───── Source material

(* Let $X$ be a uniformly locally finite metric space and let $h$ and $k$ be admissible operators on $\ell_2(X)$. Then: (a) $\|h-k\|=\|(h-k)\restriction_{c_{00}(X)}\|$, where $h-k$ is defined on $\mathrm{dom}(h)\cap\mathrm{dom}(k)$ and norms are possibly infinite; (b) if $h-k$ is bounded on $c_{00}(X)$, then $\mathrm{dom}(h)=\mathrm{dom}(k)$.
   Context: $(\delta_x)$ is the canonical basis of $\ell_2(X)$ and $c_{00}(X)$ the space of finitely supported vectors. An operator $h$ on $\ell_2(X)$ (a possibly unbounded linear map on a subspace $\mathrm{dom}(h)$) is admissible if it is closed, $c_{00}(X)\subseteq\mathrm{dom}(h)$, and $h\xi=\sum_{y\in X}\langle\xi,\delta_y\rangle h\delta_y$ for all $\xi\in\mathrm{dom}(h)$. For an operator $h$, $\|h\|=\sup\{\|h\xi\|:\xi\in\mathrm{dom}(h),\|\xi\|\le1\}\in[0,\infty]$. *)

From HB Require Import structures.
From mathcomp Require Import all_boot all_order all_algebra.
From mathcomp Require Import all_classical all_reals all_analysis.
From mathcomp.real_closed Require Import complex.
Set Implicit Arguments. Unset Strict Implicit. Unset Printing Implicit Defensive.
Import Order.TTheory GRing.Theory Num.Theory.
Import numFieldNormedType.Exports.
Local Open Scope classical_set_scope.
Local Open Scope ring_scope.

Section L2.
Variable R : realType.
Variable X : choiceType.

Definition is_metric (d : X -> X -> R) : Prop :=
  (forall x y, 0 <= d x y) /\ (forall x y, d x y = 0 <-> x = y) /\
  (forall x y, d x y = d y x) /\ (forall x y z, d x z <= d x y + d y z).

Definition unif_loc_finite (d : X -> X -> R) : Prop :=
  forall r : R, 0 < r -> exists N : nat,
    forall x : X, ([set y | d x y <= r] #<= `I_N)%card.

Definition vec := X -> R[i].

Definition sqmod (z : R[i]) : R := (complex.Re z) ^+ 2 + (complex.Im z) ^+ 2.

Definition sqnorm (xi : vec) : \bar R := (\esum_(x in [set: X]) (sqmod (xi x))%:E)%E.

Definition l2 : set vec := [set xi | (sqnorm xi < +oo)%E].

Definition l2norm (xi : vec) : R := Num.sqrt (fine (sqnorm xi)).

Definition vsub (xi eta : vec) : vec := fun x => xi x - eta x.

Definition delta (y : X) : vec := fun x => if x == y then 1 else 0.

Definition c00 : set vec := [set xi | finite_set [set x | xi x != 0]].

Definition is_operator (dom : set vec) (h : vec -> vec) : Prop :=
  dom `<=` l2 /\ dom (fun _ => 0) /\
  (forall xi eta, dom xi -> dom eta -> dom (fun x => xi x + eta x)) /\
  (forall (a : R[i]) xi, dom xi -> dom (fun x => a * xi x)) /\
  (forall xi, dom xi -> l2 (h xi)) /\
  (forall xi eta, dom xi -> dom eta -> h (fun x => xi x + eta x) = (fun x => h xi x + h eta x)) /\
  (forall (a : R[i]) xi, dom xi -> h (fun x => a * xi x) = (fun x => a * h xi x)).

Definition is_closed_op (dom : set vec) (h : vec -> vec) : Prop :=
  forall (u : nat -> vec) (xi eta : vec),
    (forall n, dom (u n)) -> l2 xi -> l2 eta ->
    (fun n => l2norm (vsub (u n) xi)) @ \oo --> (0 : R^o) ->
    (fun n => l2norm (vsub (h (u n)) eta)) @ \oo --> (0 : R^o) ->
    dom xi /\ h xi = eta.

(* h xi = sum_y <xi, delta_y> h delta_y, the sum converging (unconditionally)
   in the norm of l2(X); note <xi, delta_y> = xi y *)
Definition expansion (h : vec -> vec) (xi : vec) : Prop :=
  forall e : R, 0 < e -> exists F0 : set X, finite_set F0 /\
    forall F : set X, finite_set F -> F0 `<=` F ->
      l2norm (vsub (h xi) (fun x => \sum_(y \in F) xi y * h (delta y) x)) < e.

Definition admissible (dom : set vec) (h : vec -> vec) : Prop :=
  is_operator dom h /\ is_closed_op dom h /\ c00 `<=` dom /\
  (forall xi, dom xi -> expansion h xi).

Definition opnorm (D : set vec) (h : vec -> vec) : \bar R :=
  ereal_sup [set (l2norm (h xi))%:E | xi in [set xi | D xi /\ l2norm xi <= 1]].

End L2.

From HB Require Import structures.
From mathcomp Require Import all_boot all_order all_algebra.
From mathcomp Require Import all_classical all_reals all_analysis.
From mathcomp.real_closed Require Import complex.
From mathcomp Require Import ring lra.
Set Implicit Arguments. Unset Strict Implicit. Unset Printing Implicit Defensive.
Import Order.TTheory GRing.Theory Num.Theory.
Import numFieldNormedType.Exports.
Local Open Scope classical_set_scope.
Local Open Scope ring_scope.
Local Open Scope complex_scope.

──────────

What needs to be done:
Only the number is needed here: how many lines of the listing include "exists"?

Result:
2